Dow is a leading science and technology company headquartered in Midland, MI. With annual sales of $54 billion and 46,000 employees worldwide, Dow is a diversified chemical company that combines science and technology with what it refers to as the “human element” to “constantly improve what is essential to human progress.”56–58 The Company delivers a broad range of products and services to customers in 160 countries, connecting chemistry, innovation, and principles of sustainability to provide fresh water, food, pharmaceuticals, paints, packaging, and personal care products. The average age of a Dow employee in the US is 43, and about 75% of the company’s US workers are male. Dow has a low voluntary attrition rate (less than 5%). The racial composition of the workforce is 82% Caucasian, 8% African-American, 6% Hispanic, 3% Asian, and about 1% “other.” In terms of job categories, 54% of Dow’s US employees are laborers, clerical, or technical workers; 44% are professionals or managers; and 2% are in sales.

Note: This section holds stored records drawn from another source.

(* There exist connected graphs $G$ and integers $k$ with $k-1\ge\chi(G)$ for which $\underline{\mathrm{lcs}}(G,k)<\underline{\mathrm{lcs}}(G,k-1)$; that is, $\underline{\mathrm{lcs}}(G,k)$ is not in general monotone non-decreasing in $k$.
   Context: All graphs are finite and simple. For a graph $G=(V,E)$ and an integer $k\ge\chi(G)$, a proper $k$-colouring is a map $c:V\to[k]$ with $c(u)\neq c(v)$ for every edge $uv$. A set $S\subseteq V$ is a determining set for $(G,c)$ if there is no proper $k$-colouring $c'\neq c$ with $c'(s)=c(s)$ for all $s\in S$; a critical set is an inclusion-minimal determining set. $\mathrm{lcs}(G,c)$ is the size of a largest critical set for $(G,c)$, and $\underline{\mathrm{lcs}}(G,k)$ is the minimum of $\mathrm{lcs}(G,c)$ over all proper $k$-colourings $c$ of $G$. *)

From mathcomp Require Import all_boot.
Set Implicit Arguments. Unset Strict Implicit. Unset Printing Implicit Defensive.

Section Colourings.
Variable T : finType.

Definition simple_graph (e : rel T) : Prop := symmetric e /\ irreflexive e.

Definition connected_graph (e : rel T) : bool :=
  (0 < #|T|) && [forall x, forall y, connect e x y].

Definition proper (e : rel T) (k : nat) (c : {ffun T -> 'I_k}) : bool :=
  [forall u, forall v, e u v ==> (c u != c v)].

Definition colourable (e : rel T) (k : nat) : bool :=
  [exists c : {ffun T -> 'I_k}, proper e c].

(* chromatic number: least k admitting a proper k-colouring
   (T is always #|T|-colourable, so the range bound is harmless). *)
Definition chromatic (e : rel T) : nat :=
  \big[minn/#|T|]_(j < #|T|.+1 | colourable e j) j.

Definition determining (e : rel T) (k : nat) (c : {ffun T -> 'I_k})
  (S : {set T}) : bool :=
  [forall c' : {ffun T -> 'I_k},
     (proper e c' && (c' != c)) ==> [exists s in S, c' s != c s]].

Definition critical (e : rel T) (k : nat) (c : {ffun T -> 'I_k})
  (S : {set T}) : bool :=
  minset (determining e c) S.

Definition lcs (e : rel T) (k : nat) (c : {ffun T -> 'I_k}) : nat :=
  \max_(S : {set T} | critical e c S) #|S|.

(* lower lcs(G,k): minimum of lcs(G,c) over proper k-colourings c.
   Default #|T| only matters if no proper k-colouring exists (k < chi). *)
Definition lower_lcs (e : rel T) (k : nat) : nat :=
  \big[minn/#|T|]_(c : {ffun T -> 'I_k} | proper e c) lcs e c.

End Colourings.

(* A set S determines a proper colouring c exactly when S meets the disagreement set
   {x | c' x != c x} of every other proper colouring c', so the critical sets of c are the
   inclusion-minimal sets meeting all these disagreement sets.  Encoding colourings and vertex
   sets as lists makes this decidable by evaluation: the proper 5-colouring 0121304 has no
   critical set of more than four vertices, whereas every proper 4-colouring has a critical set
   of at least five. *)

From mathcomp Require Import all_boot all_order.
Set Implicit Arguments. Unset Strict Implicit. Unset Printing Implicit Defensive.
Import Order.TTheory.

Section CriticalSets.
Variables (T : finType) (e : rel T) (k : nat).
Implicit Types (c : {ffun T -> 'I_k}) (S : {set T}).

Lemma determiningS c S S' :
  S \subset S' -> determining e c S -> determining e c S'.
Proof.
move=> sSS' /forallP detS; apply/forallP => c'; apply/implyP => c'_other.
have /existsP[s /andP[sS ne_s]] := implyP (detS c') c'_other.
by apply/existsP; exists s; rewrite (subsetP sSS').
Qed.

Lemma criticalE c S :
  critical e c S = determining e c S && [forall x in S, ~~ determining e c (S :\ x)].
Proof.
apply/minsetP/andP => [[detS minS] | [detS /forall_inP minS]].
  split=> //; apply/forall_inP => x xS; apply/negP => /minS/(_ (subsetDl _ _)) eqS.
  by move: xS; rewrite -eqS setD11.
split=> // B detB sBS; apply/eqP; rewrite eqEsubset sBS.
apply/subsetP => x xS; apply: contraR (minS x xS) => xNB.
by apply: determiningS detB; rewrite subsetD1 sBS.
Qed.

Lemma lower_lcs_le_lcs c : proper e c -> lower_lcs e k <= lcs e c.
Proof. by rewrite /lower_lcs -minEnat; apply: (@bigmin_le_cond _ nat). Qed.

Lemma leq_lower_lcs m :
  m <= #|T| -> (forall c, proper e c -> m <= lcs e c) -> m <= lower_lcs e k.
Proof. by rewrite /lower_lcs -minEnat => mT mc; apply/(@bigmin_geP _ nat). Qed.

Lemma chromatic_le : colourable e k -> chromatic e <= k.
Proof.
rewrite /chromatic -minEnat => ck; have [lt_kT | lt_Tk] := ltnP k #|T|.+1.
  exact: (@bigmin_le_cond _ nat _ _ (Ordinal lt_kT)).
exact: leq_trans (@bigmin_le_id _ nat _ _ _ _ _) (ltnW lt_Tk).
Qed.

End CriticalSets.

Lemma connected_graph_root (T : finType) (e : rel T) (r : T) :
  connect_sym e -> (forall x, connect e x r) -> connected_graph e.
Proof.
move=> sym_e to_r; apply/andP; split; first by apply/card_gt0P; exists r.
by apply/forallP => x; apply/forallP => y; rewrite (connect_trans (to_r x)) // sym_e.
Qed.

Fixpoint seqs_over (A : Type) (xs : seq A) (m : nat) : seq (seq A) :=
  if m is m'.+1 then [seq x :: s | x <- xs, s <- seqs_over xs m'] else [:: [::]].

Lemma mem_seqs_over (A : eqType) (xs : seq A) m s :
  (s \in seqs_over xs m) = (size s == m) && all (mem xs) s.
Proof.
elim: m s => [|m IHm] [|x s] //=.
  by apply/negbTE/allpairsP => -[[? ?] []].
apply/allpairsP/andP => [[[y t] [/= yxs txs [-> ->]]] | [size_s /andP[xxs sxs]]].
  by move: txs; rewrite IHm /= => /andP[/eqP-> ->]; rewrite yxs.
by exists (x, s); rewrite IHm -eqSS size_s.
Qed.

Lemma all_iota_ord n (P : pred nat) : all P (iota 0 n) = [forall i : 'I_n, P i].
Proof.
rewrite -val_enum_ord all_map.
by apply/allP/forallP => [Pi i | Pi i _]; [apply: Pi; rewrite mem_enum | apply: Pi].
Qed.

Lemma eq_from_nth_ord (A : Type) (x0 : A) n (s t : seq A) :
  size s = n -> size t = n -> (forall i : 'I_n, nth x0 s i = nth x0 t i) -> s = t.
Proof.
move=> size_s size_t eq_st; apply: (eq_from_nth (x0 := x0)) => [|i]; first by rewrite size_s.
by rewrite size_s => lt_in; apply: (eq_st (Ordinal lt_in)).
Qed.

Definition diff_mask (d d' : seq nat) : seq bool := [seq p.1 != p.2 | p <- zip d d'].

Definition hits (b m : seq bool) : bool := has (fun p => p.1 && p.2) (zip b m).

Definition hitting_set (D : seq (seq bool)) (b : seq bool) : bool := all (hits b) D.

Definition minimal_hitting_set (D : seq (seq bool)) (b : seq bool) : bool :=
  hitting_set D b &&
  all (fun i => nth false b i ==> ~~ hitting_set D (set_nth false b i false))
      (iota 0 (size b)).

Definition disagreements (L : seq (seq nat)) (d : seq nat) : seq (seq bool) :=
  [seq diff_mask d' d | d' <- L & d' != d].

Section EdgeLists.
Variables (n : nat) (E : seq (nat * nat)).
Implicit Types (S : {set 'I_n}) (b : seq bool) (d : seq nat).

Definition edge_rel : rel 'I_n :=
  fun x y => ((x : nat, y : nat) \in E) || ((y : nat, x : nat) \in E).

Lemma edge_rel_sym : symmetric edge_rel.
Proof. by move=> x y; rewrite /edge_rel orbC. Qed.

Lemma edge_rel_irr : all (fun p => p.1 != p.2) E -> irreflexive edge_rel.
Proof.
by move=> /allP loopless x; rewrite /edge_rel orbb; apply/negP => /loopless/eqP.
Qed.

Definition proper_seq (d : seq nat) : bool := all (fun p => nth 0 d p.1 != nth 0 d p.2) E.

Definition proper_seqs (k : nat) : seq (seq nat) :=
  [seq d <- seqs_over (iota 0 k) n | proper_seq d].

Definition colour_seq k (c : {ffun 'I_n -> 'I_k}) : seq nat :=
  [seq val (c i) | i <- enum 'I_n].

Definition ffun_of_seq k (d : seq nat) : {ffun 'I_n -> 'I_k.+1} :=
  [ffun i : 'I_n => inord (nth 0 d i)].

Definition mask_of (S : {set 'I_n}) : seq bool := [seq i \in S | i <- enum 'I_n].

Definition set_of_mask (b : seq bool) : {set 'I_n} := [set i : 'I_n | nth false b i].

Lemma size_colour_seq k (c : {ffun 'I_n -> 'I_k}) : size (colour_seq c) = n.
Proof. by rewrite size_map size_enum_ord. Qed.

Lemma nth_colour_seq k (c : {ffun 'I_n -> 'I_k}) (i : 'I_n) : nth 0 (colour_seq c) i = c i.
Proof. by rewrite (nth_map i) ?size_enum_ord // nth_ord_enum. Qed.

Lemma colour_seq_inj k : injective (@colour_seq k).
Proof.
move=> c c' eq_cc'; apply/ffunP => i; apply: val_inj.
by rewrite /= -!nth_colour_seq eq_cc'.
Qed.

Lemma ffun_of_seqK k d :
  size d = n -> all (fun x => x < k.+1) d -> colour_seq (ffun_of_seq k d) = d.
Proof.
move=> size_d lt_d; apply: (eq_from_nth_ord (x0 := 0) (size_colour_seq _) size_d) => i.
by rewrite nth_colour_seq ffunE inordK //; apply: (allP lt_d); rewrite mem_nth ?size_d.
Qed.

Lemma size_mask_of S : size (mask_of S) = n.
Proof. by rewrite size_map size_enum_ord. Qed.

Lemma nth_mask_of S (i : 'I_n) : nth false (mask_of S) i = (i \in S).
Proof. by rewrite (nth_map i) ?size_enum_ord // nth_ord_enum. Qed.

Lemma mask_of_seqs_over S : mask_of S \in seqs_over [:: false; true] n.
Proof. by rewrite mem_seqs_over size_mask_of eqxx; apply/allP => -[]. Qed.

Lemma card_mask_of S : #|S| = count id (mask_of S).
Proof. by rewrite cardE /enum_mem size_filter count_map enumT. Qed.

Lemma set_of_maskK b : size b = n -> mask_of (set_of_mask b) = b.
Proof.
move=> size_b; apply: (eq_from_nth_ord (x0 := false) (size_mask_of _) size_b) => i.
by rewrite nth_mask_of inE.
Qed.

Lemma mask_of_setD1 S x : mask_of (S :\ x) = set_nth false (mask_of S) x false.
Proof.
have size_setD1 : size (set_nth false (mask_of S) x false) = n.
  by rewrite size_set_nth size_mask_of; apply/maxn_idPr.
apply: (eq_from_nth_ord (x0 := false) (size_mask_of _) size_setD1) => i.
by rewrite nth_set_nth /= !nth_mask_of !inE val_eqE; case: eqVneq.
Qed.

Lemma hits_diff_mask k S (c c' : {ffun 'I_n -> 'I_k}) :
  hits (mask_of S) (diff_mask (colour_seq c') (colour_seq c)) = [exists i in S, c' i != c i].
Proof.
rewrite /hits /diff_mask !zip_map -map_comp zip_map has_map.
by apply/hasP/existsP => [[i _ /= iS_ne] | [i iS_ne]]; exists i; rewrite ?mem_enum.
Qed.

Hypothesis E_bounded : all (fun p => (p.1 < n) && (p.2 < n)) E.

Lemma proper_colour_seq k (c : {ffun 'I_n -> 'I_k}) :
  proper edge_rel c = proper_seq (colour_seq c).
Proof.
apply/forallP/allP => [pc [x y] xyE | pd u].
  have /andP[/= lt_xn lt_yn] := allP E_bounded _ xyE.
  have /implyP := forallP (pc (Ordinal lt_xn)) (Ordinal lt_yn).
  rewrite /edge_rel /= xyE => /(_ isT).
  by rewrite (nth_colour_seq c (Ordinal lt_xn)) (nth_colour_seq c (Ordinal lt_yn)).
apply/forallP => v; apply/implyP => /orP[] /pd; rewrite /= !nth_colour_seq //.
by rewrite eq_sym.
Qed.

Lemma mem_proper_seqs k d :
  (d \in proper_seqs k) = [&& size d == n, all (fun x => x < k) d & proper_seq d].
Proof.
rewrite mem_filter mem_seqs_over andbC -andbA; congr [&& _, _ & _].
by apply: eq_all => x; rewrite inE mem_iota.
Qed.

Lemma proper_seqsP k d :
  reflect (exists2 c : {ffun 'I_n -> 'I_k.+1}, proper edge_rel c & colour_seq c = d)
          (d \in proper_seqs k.+1).
Proof.
rewrite mem_proper_seqs; apply: (iffP and3P) => [[/eqP size_d lt_d pd] | [c pc <-]].
  have c_d := ffun_of_seqK size_d lt_d.
  by exists (ffun_of_seq k d); rewrite // proper_colour_seq c_d.
rewrite size_colour_seq -proper_colour_seq; split => //.
by apply/allP => _ /mapP[i _ ->]; apply: ltn_ord.
Qed.

Lemma determining_hitting_set k (c : {ffun 'I_n -> 'I_k.+1}) S :
  determining edge_rel c S =
  hitting_set (disagreements (proper_seqs k.+1) (colour_seq c)) (mask_of S).
Proof.
rewrite /hitting_set /disagreements all_map all_filter.
apply/forallP/allP => [detS _ /proper_seqsP[c' pc' <-] | hitS c'].
  rewrite /= (inj_eq (@colour_seq_inj _)) hits_diff_mask.
  by apply/implyP => ne_c'c; apply: (implyP (detS c')); rewrite pc'.
apply/implyP => /andP[pc' ne_c'c].
have c'_seq : colour_seq c' \in proper_seqs k.+1 by apply/proper_seqsP; exists c'.
by have := hitS _ c'_seq; rewrite /= (inj_eq (@colour_seq_inj _)) hits_diff_mask ne_c'c.
Qed.

Lemma critical_minimal_hitting_set k (c : {ffun 'I_n -> 'I_k.+1}) S :
  critical edge_rel c S =
  minimal_hitting_set (disagreements (proper_seqs k.+1) (colour_seq c)) (mask_of S).
Proof.
rewrite criticalE /minimal_hitting_set determining_hitting_set size_mask_of all_iota_ord.
congr andb; apply: eq_forallb => x.
by rewrite nth_mask_of determining_hitting_set mask_of_setD1.
Qed.

End EdgeLists.

Definition witness_edges : seq (nat * nat) :=
  [:: (0, 1); (0, 2); (0, 3); (0, 4); (0, 6); (1, 2); (1, 4); (1, 6); (2, 4); (2, 5);
      (3, 5); (4, 5); (5, 6)].

Definition witness_graph : rel 'I_7 := edge_rel witness_edges.

Lemma witness_edges_bounded : all (fun p => (p.1 < 7) && (p.2 < 7)) witness_edges.
Proof. by []. Qed.

Lemma witness_simple : simple_graph witness_graph.
Proof. by split; [exact: edge_rel_sym | exact: edge_rel_irr]. Qed.

Lemma witness_connected : connected_graph witness_graph.
Proof.
apply: (@connected_graph_root _ _ ord0); first exact/sym_connect_sym/edge_rel_sym.
move=> x; have [-> | x_ne0] := eqVneq x ord0; first exact: connect0.
have [x5 | x_ne5] := eqVneq (val x) 5.
  have x_2 : witness_graph x (inord 2) by rewrite /witness_graph /edge_rel x5 inordK.
  have two_0 : witness_graph (inord 2) ord0 by rewrite /witness_graph /edge_rel inordK.
  exact: connect_trans (connect1 x_2) (connect1 two_0).
apply: connect1; move: x x_ne0 x_ne5.
by case=> [[|[|[|[|[|[|[|//]]]]]]] ?].
Qed.

Lemma witness_colourable4 : colourable witness_graph 4.
Proof.
have d_seq : [:: 0; 1; 2; 1; 3; 0; 2] \in proper_seqs 7 witness_edges 4.
  by rewrite mem_proper_seqs.
by case/(proper_seqsP witness_edges_bounded): d_seq => c pc _; apply/existsP; exists c.
Qed.

Definition large_masks : seq (seq bool) :=
  [seq b <- seqs_over [:: false; true] 7 | 4 < count id b].

Lemma mask_of_large_masks (S : {set 'I_7}) : 4 < #|S| -> mask_of S \in large_masks.
Proof. by rewrite mem_filter card_mask_of => ->; apply: mask_of_seqs_over. Qed.

Definition witness_colouring5 : seq nat := [:: 0; 1; 2; 1; 3; 0; 4].

Lemma witness_colouring5_critical_small :
  let D := disagreements (proper_seqs 7 witness_edges 5) witness_colouring5 in
  all (fun b => ~~ minimal_hitting_set D b) large_masks.
Proof. by vm_compute. Qed.

Lemma witness_colourings4_critical_large :
  let L := proper_seqs 7 witness_edges 4 in
  all (fun d => has (minimal_hitting_set (disagreements L d)) large_masks) L.
Proof.
(* [find] stops at the first witness, whereas [has] evaluates its predicate everywhere. *)
have witnesses : let L := proper_seqs 7 witness_edges 4 in
  all (fun d => find (minimal_hitting_set (disagreements L d)) large_masks < size large_masks) L.
  by vm_compute.
by apply: sub_all _ witnesses => d; cbv beta; rewrite has_find.
Qed.

Lemma lower_lcs_witness5 : lower_lcs witness_graph 5 <= 4.
Proof.
have c5_seq : witness_colouring5 \in proper_seqs 7 witness_edges 5 by rewrite mem_proper_seqs.
case/(proper_seqsP witness_edges_bounded): c5_seq => c pc c_c5.
apply: leq_trans (lower_lcs_le_lcs pc) _; apply/bigmax_leqP => S.
rewrite (critical_minimal_hitting_set witness_edges_bounded) c_c5 => crit_S.
rewrite leqNgt; apply: contraL crit_S => /mask_of_large_masks S_large.
exact: allP witness_colouring5_critical_small _ S_large.
Qed.

Lemma lower_lcs_witness4 : 4 < lower_lcs witness_graph 4.
Proof.
apply: leq_lower_lcs => [|c pc]; first by rewrite card_ord.
have c_seq : colour_seq c \in proper_seqs 7 witness_edges 4.
  by apply/(proper_seqsP witness_edges_bounded); exists c.
have /hasP[b] := allP witness_colourings4_critical_large _ c_seq.
rewrite mem_filter mem_seqs_over => /andP[b_large /andP[/eqP size_b _]] b_crit.
apply: leq_trans b_large _; rewrite -(set_of_maskK size_b) -card_mask_of.
apply: leq_bigmax_cond.
by rewrite (critical_minimal_hitting_set witness_edges_bounded) set_of_maskK.
Qed.

Theorem theorem7 :
  exists (T : finType) (e : rel T) (k : nat),
    simple_graph e /\ connected_graph e /\
    chromatic e <= k /\ lower_lcs e k.+1 < lower_lcs e k.
Proof.
exists 'I_7, witness_graph, 4.
split; first exact: witness_simple.
split; first exact: witness_connected.
split; first exact: chromatic_le witness_colourable4.
exact: leq_ltn_trans lower_lcs_witness5 lower_lcs_witness4.
Qed.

Approximately 15,000 employees work in Texas and Louisiana, where many of the intervention sites are located. Before the study, Dow had extensive individually-focused employee health promotion programs in place at all of the study sites and this program continued throughout the study at all study sites. For this study, newly developed environmental interventions directed at reducing overweight and obesity, described below were only implemented at the intervention sites.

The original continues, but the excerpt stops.